In his diary, Pilgrim William Bradford recalled their troubles and resolve in the face of what he saw as a moral choice because of how strongly they objected to the way the Church was evolving under King James:

They shook off this yoke of antichristian bondage, and as the Lord’s free people, joined themselves … into a church estate … according to their best endeavours, whatsoever it should cost them, the Lord assisting them. And that it cost them something this ensuing history will declare.

Bradford then describes how two congregations were formed, before giving us a sense of what their lives must have been like, worshiping and meeting together in secret. They were ‘hunted and persecuted’, and ‘clapped up in prison’, while others had their houses watched.

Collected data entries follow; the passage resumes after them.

(* Fix a scenario $v$. Conditioned on $v$, on the taken box $i^*$, and on the stopping time $\tau^*$, the expected objective of Balanced Stopping with Poisson Rounding is at most $\tau^*+c_{i^*}+v_{i^*}=\tau^*+\beta_{i^*}$.
   Context: Correlated Pandora's Problem: boxes $[n]$, box $i$ has opening cost $c_i>0$ and volume $v_i\ge 0$; scenario $v=(v_1,\dots,v_n)$. Write $x_+=\max\{x,0\}$. Let $X_i:[0,\infty)\to[0,1]$, $i\in[n]$, be non-decreasing with $\sum_{i}\big(X_i(t)-X_i((t-c_i)_+)\big)\le 1$ for all $t\ge 0$ (a feasible solution of the General-Cost Convex Program). Poisson Rounding: $\bar x_i(t)=\frac1t\int_0^t\big(X_i(t')-X_i((t'-c_i)_+)\big)\,dt'$; independently for each box $i$, arrivals form a non-homogeneous Poisson process in Poisson time $\tau\ge 0$ with rate $\frac1{c_i}\bar x_i(\tau/2)$; $\alpha_i$ is the first arrival time of box $i$. Balanced Stopping: $\beta_i=c_i+v_i$, $\tau_i=\max\{\alpha_i,\beta_i\}$, $\tau^*=\min_i\tau_i$ (the stopping time), $i^*=\arg\min_i\tau_i$ (the taken box). The algorithm opens in real time, in ascending order of $\alpha_j$, exactly the boxes with $\alpha_j\le\tau^*$ (each costing $c_j$), then stops and takes box $i^*$ (or an opened box of no larger volume); its objective is $\sum_{j:\alpha_j\le\tau^*}c_j$ plus the taken volume. *)

From HB Require Import structures.
From mathcomp Require Import all_boot all_order all_algebra.
From mathcomp Require Import all_classical all_reals all_analysis.
From mathcomp Require Import measurable_realfun.
Set Implicit Arguments. Unset Strict Implicit. Unset Printing Implicit Defensive.
Import Order.TTheory GRing.Theory Num.Theory.
Local Open Scope classical_set_scope.
Local Open Scope ring_scope.

Section PandoraDefs.
Variable R : realType.

Definition feasible_GCP (n : nat) (c : 'I_n -> R) (X : 'I_n -> R -> R) : Prop :=
  (forall i t, 0 <= t -> 0 <= X i t <= 1) /\
  (forall i s t, 0 <= s -> s <= t -> X i s <= X i t) /\
  (forall t, 0 <= t -> \sum_(i < n) (X i t - X i (Num.max (t - c i) 0)) <= 1).

Definition xbar (X : R -> R) (c t : R) : R :=
  t^-1 * Rintegral (@lebesgue_measure R) `[0, t]
                  (fun t' => X t' - X (Num.max (t' - c) 0)).

Definition poisson_rate (X : R -> R) (c tau : R) : R := c^-1 * xbar X c (tau / 2).

Definition cum_rate (X : R -> R) (c s : R) : R :=
  Rintegral (@lebesgue_measure R) `[0, s] (poisson_rate X c).

End PandoraDefs.

Section Stopping.
Context {R : realType} {n : nat} {d : measure_display} {T : measurableType d}.
Local Open Scope ereal_scope.

Definition tau_box (c v : 'I_n -> R) (alpha : 'I_n -> T -> \bar R) (i : 'I_n) (w : T)
  : \bar R := Order.max (alpha i w) ((c i + v i)%R)%:E.

Definition tau_star (c v : 'I_n -> R) (alpha : 'I_n -> T -> \bar R) (w : T) : \bar R :=
  \big[Order.min/+oo]_(i < n) tau_box c v alpha i w.

(* i^* = argmin_i tau_i (ties broken towards the smallest index) *)
Definition taken (c v : 'I_n -> R) (alpha : 'I_n -> T -> \bar R) (i : 'I_n) (w : T)
  : Prop :=
  tau_box c v alpha i w = tau_star c v alpha w /\
  forall j : 'I_n, (j < i)%N -> tau_star c v alpha w < tau_box c v alpha j w.

Definition opening_cost (c v : 'I_n -> R) (alpha : 'I_n -> T -> \bar R) (w : T)
  : \bar R :=
  \sum_(j < n | alpha j w <= tau_star c v alpha w) (c j)%:E.

Definition mutually_independent (P : probability T R) (alpha : 'I_n -> T -> \bar R)
  : Prop :=
  forall B : 'I_n -> set (\bar R), (forall j, measurable (B j : set (\bar R))) ->
    P (\bigcap_(j in [set: 'I_n]) (alpha j @^-1` B j)) =
    \prod_(j < n) P (alpha j @^-1` B j).

End Stopping.

From HB Require Import structures.
From mathcomp Require Import all_boot all_order all_algebra.
From mathcomp Require Import all_classical all_reals all_analysis.
From mathcomp Require Import measurable_realfun.
From mathcomp Require Import ring lra.
Import Order.TTheory GRing.Theory Num.Theory.
Local Open Scope classical_set_scope.
Local Open Scope ring_scope.

Set Implicit Arguments. Unset Strict Implicit. Unset Printing Implicit Defensive.

(* On the event A that box i is taken with tau* in B we have tau* = tau_i.
   For a box j <> i, whether i beats j depends on alpha_j only through the
   comparison of tau_i with max(alpha_j, beta_j), and alpha_j is independent
   of all other arrival times. Cutting the range of tau_i into cells
   (t_k, t_k + h], the probability that j is opened in cell k of A, i.e. that
   alpha_j <= tau*, is therefore at most
     P(A, cell k) * Lambda_j(t_k) + P(tau_i in cell k) * h / c_j,
   because P(alpha_j <= t) = 1 - exp(-Lambda_j(t)) <= Lambda_j(t) and
   Lambda_j is (1 / c_j)-Lipschitz. Feasibility of X gives
   sum_j c_j Lambda_j(t) <= t, so the expected opening cost on A is at most
   c_i P(A) + E[tau*; A] + n h; above the last cell the trivial bound
   sum_j c_j <= tau* suffices. Letting h go to 0 proves the claim. *)

(** * Elementary real analysis and integration *)

Section interval_integrals.
Variable R : realType.
Local Notation mu := (@lebesgue_measure R).

Lemma Rintegral_sum d (T : measurableType d) (nu : {measure set T -> \bar R})
    (D : set T) (I : finType) (F : I -> T -> R) :
  measurable D -> (forall k, nu.-integrable D (EFin \o F k)) ->
  \int[nu]_(x in D) (\sum_k F k x) = \sum_k \int[nu]_(x in D) F k x.
Proof.
move=> mD intF; rewrite /Rintegral sum_fine; last first.
  by move=> k _; apply: integrable_fin_num => //; exact: intF.
congr fine; rewrite -integral_sum//.
by apply: eq_integral => x _; rewrite sumEFin.
Qed.

Lemma integrable_sumR d (T : measurableType d) (nu : {measure set T -> \bar R})
    (D : set T) (I : finType) (F : I -> T -> R) :
  measurable D -> (forall k, nu.-integrable D (EFin \o F k)) ->
  nu.-integrable D (EFin \o (fun x => \sum_k F k x)).
Proof.
move=> mD intF; rewrite (_ : EFin \o _ = fun x => \sum_k (EFin \o F k) x).
  exact: integrable_sum.
by apply/funext => x; rewrite /= sumEFin.
Qed.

Although Bradford says that the Pilgrims were prepared for all this thanks to their faith, they still reached a point where they decided they couldn’t stand to stay in England anymore:

Seeing themselves thus molested, and that there was no hope of their continuance there, by a joint consent they resolved to go into the Low-Countries, where they heard was freedom of Religion for all men; as also how [some] from London, & other parts of the land, had been exiled and persecuted for the same cause, & were gone [there], and lived at Amsterdam, & in other places of the land.

So after they had continued together about a year, and kept their meetings every Sabbath in one place or other, exercising the worship of God amongst themselves, notwithstanding all the diligence & malice of their adversaries, they seeing they could no longer continue in that condition, they resolved to get over into Holland as they could; which was in the year 1607 & 1608.